President Obama yesterday announced that he planned to commute the sentence of transgender whistleblower Chelsea Manning, in one of his final acts as President.

Private Manning, who announced her transition to female in 2013, was imprisoned in Fort Leavenworth military prison after leaking details of classified government documents concerning alleged war crimes and rights abuses via WikiLeaks.

White House says early release of Chelsea Manning down to ‘pursuit of justice’

Manning has sued the US Army for her right to transition behind bars, and has also taken action against her “unjust” 35-year prison sentence – on the basis that her actions helped make public a large number of serious issues related to military practise.

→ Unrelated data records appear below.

Lemma triangle_undirected : undirected triangle.
Proof. by move=> x y; rewrite /triangle eq_sym. Qed.

Lemma triangle_connected : connected_graph triangle.
Proof. by move=> x y; case: (eqVneq x y) => [->|neq_xy]; [exact: connect0 | exact: connect1]. Qed.

Lemma fp_triangle S delta : 0 <= delta -> fp triangle S delta = triangle_fp (copyB S delta).
Proof.
move=> delta_ge0; set r := copyB S delta.
have r_bd u : 0 < r u <= 1/2 := copyB_gt0_le_half S u delta_ge0.
have den_gt0 : 0 < peval3 K3_den r.
  by apply: K3_den_gt0 => u; have := r_bd u; move=> /andP[*]; apply/andP; split; lra.
have hit_harmonic : pvm_harmonic triangle S delta (triangle_hit r).
  apply: triangle_hit_pvm_harmonic; last by move=> u; exact: a_weight_copyB.
  - by move=> u; have := r_bd u; move=> /andP[*]; apply/andP; split; lra.
  - exact: lt0r_neq0.
have fp_from_eq := fp_from_unique delta_ge0 triangle_in_neighbour triangle_undirected
  triangle_connected o0 (triangle_hit_setT (lt0r_neq0 den_gt0)) (triangle_hit_set0 r) hit_harmonic.
rewrite /fp card_ord big_ord3 !fp_from_eq /triangle_fp /triangle_hit !inE /=.
by field; repeat (apply/andP; split); first [exact: lt0r_neq0 | apply/eqP; lra].
Qed.

End Triangle.

Section TriangleLimit.
Variable R : realType.

Lemma peval3_cvg (U : Type) (F : set_system U) {FF : Filter F}
    (f : U -> 'I_3 -> R) (l : 'I_3 -> R) p :
  (forall u, (f x u @[x --> F] --> l u)%classic) ->
  (peval3 p (f x) @[x --> F] --> peval3 p l)%classic.
Proof.
move=> f_cvg; apply: peval_cvg => -[|[|[|i]]] /=; try exact: f_cvg.
exact: cvg_cst.
Qed.

Lemma triangle_fp_cvg (f : R -> 'I_3 -> R) (l : 'I_3 -> R) :
  (forall u, (f x u @[x --> +oo] --> l u)%classic) -> (forall u, 0 <= l u <= 1/2) ->
  (triangle_fp (f x) @[x --> +oo] --> triangle_fp l)%classic.
Proof.
move=> f_cvg l_bd; apply: cvgM; first by apply: cvgD; [apply: cvgD|]; exact: peval3_cvg.
apply: cvgV; first by rewrite mulf_neq0 // lt0r_neq0 // K3_den_gt0.
by apply: cvgM; [exact: cvg_cst | exact: peval3_cvg].
Qed.

Definition copyB_lim (S : {set 'I_3}) (u : 'I_3) : R := if u \in S then 0 else 1/2.

Lemma copyB_cvg S u : (copyB S delta u @[delta --> +oo] --> copyB_lim S u)%classic.
Proof.
rewrite /copyB /a_weight /copyB_lim; case: (u \in S).
  apply/gtr0_cvgV0.
    near=> delta; suff : 0 <= delta by lra.
    by near: delta; exact: nbhs_pinfty_ge.
  apply/cvgryPge => A; near=> delta; suff : A - 2 <= delta by lra.
  by near: delta; apply: nbhs_pinfty_ge; exact: num_real.
have -> : (fun delta : R => (1 + 1)^-1) = fun=> 1/2 :> R by apply: funext => _; field.
exact: cvg_cst.
Unshelve. all: by end_near.
Qed.

Lemma fp_triangle_cvg S :
  (fp triangle S delta @[delta --> +oo] --> triangle_fp (copyB_lim S))%classic.
Proof.
have lim_bd u : 0 <= copyB_lim S u <= 1/2.
  by rewrite /copyB_lim; case: ifP => _; apply/andP; split; lra.
have := triangle_fp_cvg (fun u => @copyB_cvg S u) lim_bd.
apply: cvg_trans; apply: near_eq_cvg; near=> delta; rewrite fp_triangle //.
Unshelve. all: by end_near.
Qed.

Lemma fp_inf_triangle_exists S : fp_inf_exists R triangle S.
Proof. by apply/cvg_ex; eexists; exact: fp_triangle_cvg. Qed.

Lemma fp_inf_triangle S : fp_inf R triangle S = triangle_fp (copyB_lim S).
Proof. exact/cvg_lim/fp_triangle_cvg/Rhausdorff. Qed.

End TriangleLimit.

Section LoopedTriangle.
Variable R : realType.

(* The harmonic function of the looped triangle for [delta = 1] and
   [o2 \notin S], found by solving its linear system; [s0], [s1] say whether
   [o0], [o1] are biased. *)
Definition looped_hit (s0 s1 b0 b1 b2 : bool) : R :=
  let table := match s0, s1 with
    | false, false => [:: 1/3; 1/3; 2/3; 1/3; 2/3; 2/3]
    | true, false => [:: 3704/8741; 3582/8741; 6482/8741; 3582/8741; 6482/8741; 6396/8741]
    | false, true => [:: 3582/8741; 3704/8741; 6482/8741; 3582/8741; 6396/8741; 6482/8741]
    | true, true => [:: 155/307; 155/307; 250/307; 147/307; 245/307; 245/307]
    end in
  (0 :: rcons table 1)`_(b0 + 2 * b1 + 4 * b2).
Arguments looped_hit : simpl never.

Lemma looped_hit_pvm_harmonic (S : {set 'I_3}) : o2 \notin S ->
  pvm_harmonic looped_triangle S 1
    (fun X => looped_hit (o0 \in S) (o1 \in S) (o0 \in X) (o1 \in X) (o2 \in X)).
Proof.
move=> o2S X XT X0.
rewrite /pick_prob card_ord big_ord3 !big_ord3_cond /=.
rewrite !fbias_a_weight /a_weight (negbTE o2S) !in_next_conf /=.
move: XT X0; rewrite eq_setT_ord3 eq_set0_ord3.
case: (o0 \in S); case: (o1 \in S); case: (o0 \in X); case: (o1 \in X); case: (o2 \in X) => //= _ _.
all: by rewrite /looped_hit /=; field.
Qed.

Lemma looped_triangle_in_neighbour u : exists v, looped_triangle v u.
Proof. by exists u. Qed.

Lemma looped_triangle_undirected : undirected looped_triangle.
Proof. by []. Qed.

Lemma looped_triangle_connected : connected_graph looped_triangle.
Proof. by move=> x y; exact: connect1. Qed.

Lemma fp_looped_triangle (S : {set 'I_3}) : o2 \notin S ->
  fp looped_triangle S 1 = (looped_hit (o0 \in S) (o1 \in S) true false false
    + looped_hit (o0 \in S) (o1 \in S) false true false
    + looped_hit (o0 \in S) (o1 \in S) false false true) / 3.
Proof.
move=> o2S.
have fp_from_eq X : fp_from looped_triangle S 1 X =
    looped_hit (o0 \in S) (o1 \in S) (o0 \in X) (o1 \in X) (o2 \in X).
  apply: (fp_from_unique ler01 looped_triangle_in_neighbour looped_triangle_undirected
    looped_triangle_connected o0 _ _ (looped_hit_pvm_harmonic o2S));
  by rewrite !inE /looped_hit /=; case: (o0 \in S); case: (o1 \in S).
by rewrite /fp card_ord big_ord3 !fp_from_eq !inE mulrC.
Qed.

After Manning attempted to take her own life and embarked on a hunger strike over the issue, the military finally agreed to allow her to undergo gender treatment – but court documents indicate military officials are still refusing to officially recognise her transition.

NBC News previously reported that Manning was on the “short list” for a commutation from President Obama, issued a final round of pardons and commutations as he leaves office.

After it was confirmed that Obama had commuted the sentence, White House Press Secretary Josh Earnest said it was done “in pursuit of justice”.

He said: “Chelsea Manning was convicted of serious crimes.

“She also took responsibility for those crimes. She expressed remorse for those crimes,” he added.

Manning will now be released on 17 May, instead of in 2045.

Earnest said Manning’s sentence was “much longer than the sentence that was handed down to people who committed similar crimes that got much less attention.”

The sentence was one of the harshest ever handed to a whistleblower.

“President Obama has a strong record regarding the humane treatment of prisoners and a long commitment to LGBTQ equality,” said HRC Communications Director Jay Brown reacting to the news.

“The decision to commute Pvt. Chelsea Manning’s remaining sentence – after she served nearly 7 years for her crimes – reflects that record. We hope Pvt. Manning soon can access the care and treatment that she, and every transgender person, deserves.”

Wikileaks boss Julian Assange earlier this week offered to surrender himself to authorities if President Obama followed through on reports he was considering freeing Chelsea Manning.

But Assange has since backed away from the claims.

An investigation recently suggested that Wikileaks data dumps endangered gay men in Saudi Arabia.

A probe of 120,000 Saudi files dumped on Wikileaks revealed the documents included private health and crime records, exposing personal data of everyday Saudis.

It identified at least one man with a gay sex conviction – as well as a number of rape victims and people living with HIV.